Cessioni e liberazioni di pigioni e di fitti

Dispositivo dell'art. 2918 Codice civile

Le cessioni e le liberazioni di pigioni e di fitti non ancora scaduti per un periodo eccedente i tre anni non hanno effetto in pregiudizio del creditore pignorante e dei creditori che intervengono nell'esecuzione [498 c.p.c. ss.], se non sono trascritte anteriormente al pignoramento.

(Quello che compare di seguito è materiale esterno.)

(* Consider the single-input single-output discrete-time closed-loop setting described in the context, fix $N$ finite and a DFT frequency $\omega_\ell$ at which $S(e^{j\omega_\ell})R(e^{j\omega_\ell})\neq 0$. Then, as $\sigma\to 0$ (Case 1, one experiment), \[ \sigma^{-1}(\widehat G_{\mathrm{dir}} - G) \leadsto \frac{1}{SR}\big(\bar V_y - G\bar V_u\big),\qquad \sigma^{-1}(\widehat G_{\mathrm{ind}} - G) \leadsto \frac{1}{S^2R}\bar V_y, \] where $\bar V_y,\bar V_u$ are zero-mean (statistically dependent) complex random variables with finite variances; and (Case 2, two independent experiments) \[ \sigma^{-1}(\widehat{\widehat G}_{\mathrm{io}} - G) \leadsto \frac{1}{SR}\big(\bar V_y^{(1)} - G\bar V_u^{(2)}\big), \] where $\bar V_y^{(1)}$ is independent of $\bar V_u^{(2)}$. Here $\leadsto$ denotes convergence in distribution.
   Context: Setting: unit sample time, $\mathrm{q}$ the forward shift operator. Plant $G(\mathrm{q})$ and controller $C(\mathrm{q})$ are linear time-invariant and the closed-loop system is stable; $S = 1/(1+GC)$. Noise $v(k) = H(\mathrm{q})e(k)$ with $H$ a stable spectral factor, and $e(k) = \sigma\bar e(k)$ with $\bar e$ a zero-mean unit-variance white process whose distribution does not depend on $\sigma>0$. Reference $r(k)=r_2(k)+C(\mathrm{q})r_1(k)$ ($r_1,r_2$ known exogenous signals), $r$ periodic with period $N$. Plant output and input satisfy $y = SGr + Sv$, $u = Sr - SCv$. The data set $\{(r_k,u_k,y_k)\}_{k=0}^{N-1}$ is collected in steady state, consists of one period of $r$, and all records are time-synchronized with $r$. The $N$-point DFT is $X(e^{j\omega_\ell}) = N^{-1/2}\sum_{k=0}^{N-1}x_ke^{-j\omega_\ell k}$, $\omega_\ell=2\pi\ell/N$. At the fixed frequency, $G,S,C$ denote transfer function values at $e^{j\omega_\ell}$ and $R,U,Y$ the DFTs of $r,u,y$. The noise contributions $V_y,V_u$ are defined by $Y = SGR + V_y$, $U = SR + V_u$; they are linear in the noise and hence $\bar V_y := V_y/\sigma$, $\bar V_u := V_u/\sigma$ have distributions independent of $\sigma$. Estimators: $\widehat G_{\mathrm{dir}} := Y/U$; with $\widehat T_{yr} := Y/R$, $\widehat G_{\mathrm{ind}} := \widehat T_{yr}/(1-\widehat T_{yr}C)$. For Case 2, a second independent experiment with the same excitation $r$ is performed (identical deterministic parts, independent noise); $Y^{(1)}$ is the output DFT of experiment 1 with normalized noise contribution $\bar V_y^{(1)}$, $U^{(2)}$ the input DFT of experiment 2 with normalized noise contribution $\bar V_u^{(2)}$, and $\widehat{\widehat G}_{\mathrm{io}} := \dfrac{Y^{(1)}/R}{U^{(2)}/R}$. *)

From HB Require Import structures.
From mathcomp Require Import all_boot all_order all_algebra.
From mathcomp Require Import complex.
From mathcomp Require Import all_classical all_reals all_analysis.
Set Implicit Arguments. Unset Strict Implicit. Unset Printing Implicit Defensive.
Import Order.TTheory GRing.Theory Num.Theory ComplexField.
Import numFieldNormedType.Exports.
Local Open Scope classical_set_scope.
Local Open Scope ring_scope.

Definition reim {R : realType} (z : R[i]) : R * R := (complex.Re z, complex.Im z).

(* A complex random variable: measurable into R*R (= C with Borel sets). *)
Definition cmeasurable {R : realType} (d : measure_display) (T : measurableType d)
  (X : T -> R[i]) : Prop :=
  measurable_fun setT (fun t => reim (X t)).

Definition cindep {R : realType} (d : measure_display) (T : measurableType d)
  (P : probability T R) (X Y : T -> R[i]) : Prop :=
  forall A B : set (R * R), measurable A -> measurable B ->
    P ((fun t => reim (X t)) @^-1` A `&` (fun t => reim (Y t)) @^-1` B)
    = (P ((fun t => reim (X t)) @^-1` A) * P ((fun t => reim (Y t)) @^-1` B))%E.

(* C carries no topology in the libraries, so
   continuity of f is expressed through the identification C = R * R
   (product topology = usual topology of C). *)
Definition cvg_distr_0 {R : realType} (d : measure_display) (T : measurableType d)
  (P : probability T R) (X : R -> T -> R[i]) (L : T -> R[i]) : Prop :=
  forall f : R[i] -> R, continuous (fun p : R * R => f (Complex p.1 p.2)) -> (exists M : R, forall z, `|f z| <= M) ->
    (fun s : R => (\int[P]_t (f (X s t))%:E)%E) @ 0^'+ --> (\int[P]_t (f (L t))%:E)%E.

Definition sens {R : realType} (G C : R[i]) : R[i] := (1 + G * C)^-1.

(* DFT values of y and u at noise level sigma, with normalized noise contributions
   Vy, Vu (so that V_y = sigma Vy, V_u = sigma Vu). *)
Definition Ydft {R : realType} (G C Rr : R[i]) (s : R) (Vy : R[i]) : R[i] :=
  sens G C * G * Rr + (s%:C)%C * Vy.
Definition Udft {R : realType} (G C Rr : R[i]) (s : R) (Vu : R[i]) : R[i] :=
  sens G C * Rr + (s%:C)%C * Vu.

Definition Gdir {R : realType} (G C Rr : R[i]) (s : R) (Vy Vu : R[i]) : R[i] :=
  Ydft G C Rr s Vy / Udft G C Rr s Vu.
Definition Gind {R : realType} (G C Rr : R[i]) (s : R) (Vy : R[i]) : R[i] :=
  let Tyr := Ydft G C Rr s Vy / Rr in Tyr / (1 - Tyr * C).
Definition Gio {R : realType} (G C Rr : R[i]) (s : R) (Vy1 Vu2 : R[i]) : R[i] :=
  (Ydft G C Rr s Vy1 / Rr) / (Udft G C Rr s Vu2 / Rr).

From mathcomp Require Import all_boot all_order all_algebra.
From mathcomp Require Import complex.
From mathcomp Require Import all_classical all_reals all_analysis.
From mathcomp Require Import ring lra.
From mathcomp Require Import measurable_realfun.
Import Order.TTheory GRing.Theory Num.Theory ComplexField.
Import numFieldNormedType.Exports.
Local Open Scope classical_set_scope.
Local Open Scope ring_scope.

(* For s > 0, wherever it is defined, each normalized estimation error equals
   a(t) / (b + s c(t)) with random a, c and a deterministic b != 0 (b = S R for
   the direct and the input/output estimators, b = S^2 R for the indirect one).
   It therefore converges pointwise on the sample space to a(t) / b as s -> 0+,
   and pointwise convergence implies convergence in distribution: for a bounded
   continuous test function, dominated convergence with the constant bound
   applies along every sequence s_n -> 0+. *)

Section BorelPlane.
Context {R : realType}.

(* Every open set of the plane is a countable union of rational open squares
   contained in it. *)
Lemma open_measurable_prod (U : set (R * R)) : open U -> measurable U.
Proof.
move=> oU.
pose sq (a b c : rat) : set (R * R) := ball (ratr a : R, ratr b : R) (ratr c : R).
have msq a b c : measurable (sq a b c).
  have -> : sq a b c = ball (ratr a : R) (ratr c) `*` ball (ratr b : R) (ratr c).
    by apply/seteqP; split => p.
  by apply: measurableX; exact: measurable_ball.
have -> : U = \bigcup_(a : rat) \bigcup_(b : rat) \bigcup_(c : rat)
    (if asbool (sq a b c `<=` U) then sq a b c else set0).
  apply/seteqP; split => [p Up|p]; last first.
    by move=> [a _ [b _ [c _]]]; case: asboolP => // sqU; exact: sqU.
  have /nbhs_ballP[e /= e0 peU] : nbhs p U by apply: open_nbhs_nbhs; split.
  have [a /andP[]] : exists a : rat, ratr a \in `]p.1 - e / 4, p.1 + e / 4[.
    by apply: rat_in_itvoo; lra.
  have [b /andP[]] : exists b : rat, ratr b \in `]p.2 - e / 4, p.2 + e / 4[.
    by apply: rat_in_itvoo; lra.
  have [c /andP[]] : exists c : rat, ratr c \in `]e / 4, e / 2[.
    by apply: rat_in_itvoo; lra.
  rewrite !bnd_simp => c1 c2 b1 b2 a1 a2.
  exists a => //; exists b => //; exists c => //.
  case: asboolP => [_|]; last first.
    move=> sqU; exfalso; apply: sqU => q [/= q1 q2]; apply: peU.
    move: q1 q2; rewrite /ball /= !ltr_norml => /andP[? ?] /andP[? ?].
    by split; rewrite /ball /= ltr_norml; apply/andP; split; lra.
  by split => /=; rewrite /ball /= ltr_norml; apply/andP; split; lra.
by do 3 apply: bigcupT_measurable_rat => ?; case: asboolP.
Qed.

Lemma continuous_measurable_fun_prod (f : R * R -> R) :
  continuous f -> measurable_fun setT f.
Proof.
move=> /continuousP cf; apply: (measurability _ (RGenOpens.measurableE R)).
move=> _ [_ [a [b ->] <-]]; rewrite setTI; apply: open_measurable_prod.
exact/cf/interval_open.
Qed.

(* [x^-1] is the pointwise limit of the continuous [x / (x^2 + 1/(n+1))], also
   at [x = 0], where [0^-1 = 0]. *)
Lemma measurable_invr : measurable_fun setT (fun x : R => x^-1).
Proof.
apply: (@measurable_fun_cvg _ R R setT (fun n x => x / (x * x + n.+1%:R^-1))).
  move=> n; apply: continuous_measurable_fun => x.
  apply: cvgM; first exact: cvg_id.
  apply: cvgV; last by apply: cvgD; [apply: cvgM; exact: cvg_id | exact: cvg_cst].
  by rewrite gt_eqF // ltr_wpDl ?invr_gt0 ?ltr0n // -expr2 sqr_ge0.
move=> x _; have [->|x0] := eqVneq x 0.
  by rewrite invr0; under eq_fun do rewrite mul0r; exact: cvg_cst.
have -> : x^-1 = x / (x * x + 0) by rewrite addr0 invfM mulrA divff // mul1r.
apply: cvgM; first exact: cvg_cst.
apply: cvgV; first by rewrite addr0 mulf_neq0.
by apply: cvgD; [exact: cvg_cst | exact: cvg_harmonic].
Qed.

End BorelPlane.

Section ComplexParts.
Context {R : realType}.
Implicit Types x y : R[i].

Lemma cReD x y : complex.Re (x + y) = complex.Re x + complex.Re y.
Proof. by case: x; case: y. Qed.

Lemma cImD x y : complex.Im (x + y) = complex.Im x + complex.Im y.
Proof. by case: x; case: y. Qed.

Lemma cReN x : complex.Re (- x) = - complex.Re x.
Proof. by case: x. Qed.

Lemma cImN x : complex.Im (- x) = - complex.Im x.
Proof. by case: x. Qed.

Lemma cReM x y :
  complex.Re (x * y) = complex.Re x * complex.Re y - complex.Im x * complex.Im y.
Proof. by case: x; case: y. Qed.

Lemma cImM x y :
  complex.Im (x * y) = complex.Re x * complex.Im y + complex.Im x * complex.Re y.
Proof. by case: x; case: y. Qed.

Definition cnorm2 x := complex.Re x * complex.Re x + complex.Im x * complex.Im x.

Lemma cReV x : complex.Re x^-1 = complex.Re x / cnorm2 x.
Proof. by case: x. Qed.

Lemma cImV x : complex.Im x^-1 = - (complex.Im x / cnorm2 x).
Proof. by case: x. Qed.

Lemma cnorm2_gt0 x : x != 0 -> 0 < cnorm2 x.
Proof.
case: x => a b nz; rewrite /cnorm2 /= lt_def addr_ge0 -?expr2 ?sqr_ge0 // andbT.
by apply: contra nz; rewrite paddr_eq0 ?sqr_ge0 // !sqrf_eq0 => /andP[/eqP-> /eqP->].
Qed.

End ComplexParts.

Section ComplexMeasurable.
Context {R : realType} {d : measure_display} {T : measurableType d}.
Implicit Types X Y : T -> R[i].

Lemma cmeasurableP X : cmeasurable X <->
  measurable_fun setT (fun t => complex.Re (X t)) /\
  measurable_fun setT (fun t => complex.Im (X t)).
Proof. exact: measurable_fun_pairP. Qed.

Lemma cmeasurable_cst (k : R[i]) : cmeasurable (fun _ : T => k).
Proof. by apply/cmeasurableP; split; exact: measurable_cst. Qed.

Lemma cmeasurableD X Y :
  cmeasurable X -> cmeasurable Y -> cmeasurable (fun t => X t + Y t).
Proof.
move=> /cmeasurableP[? ?] /cmeasurableP[? ?]; apply/cmeasurableP; split.
  by under eq_fun do rewrite cReD; exact: measurable_funD.
by under eq_fun do rewrite cImD; exact: measurable_funD.
Qed.

Lemma cmeasurableN X : cmeasurable X -> cmeasurable (fun t => - X t).
Proof.
move=> /cmeasurableP[? ?]; apply/cmeasurableP; split.
  by under eq_fun do rewrite cReN; exact: measurable_funN.
by under eq_fun do rewrite cImN; exact: measurable_funN.
Qed.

Le cessioni e le liberazioni per un tempo inferiore ai tre anni e le cessioni e le liberazioni superiori ai tre anni non trascritte non hanno effetto, se non hanno data certa [2704] anteriore al pignoramento e, in ogni caso, non oltre il termine di un anno dalla data del pignoramento (1).

Note

(1) La presente disposizione richiama espressamente il n. 9 dell'art. 2643, il quale dispone l'obbligatoria trascrizione di eventuali cessioni e liberazioni in relazione a pigioni e fitti, che si sviluppino oltre un triennio. Se la liberazione o la cessione sono state effettuate per un periodo eccedente i tre anni e non sono state soggette a trascrizione, potranno essere opposte soltanto entro i limiti di un triennio, se tuttavia questo risulta già trascorso, potranno essere opposte esclusivamente nei limiti dell'anno in corso in riferimento al giorno del trasferimento.

Ratio Legis

La norma in esame conclude la serie di disposizioni iniziata all'art. 2913, al fine di garantire la certezza del diritto e soprattutto evitare che, una volta effettuata la trascrizione del pignoramento ex art. 2643, il debitore possa porre in essere degli atti di trasferimento o di disposizione del bene sottoposto ad esecuzione, in tal modo vanificandola. Si sottolinea così che qualsiasi atto relativo al bene sottoposto a pignoramento deve avere data certa anteriore alla trascrizione del medesimo, altrimenti non potrà essere opposto in alcun modo al creditore pignorante.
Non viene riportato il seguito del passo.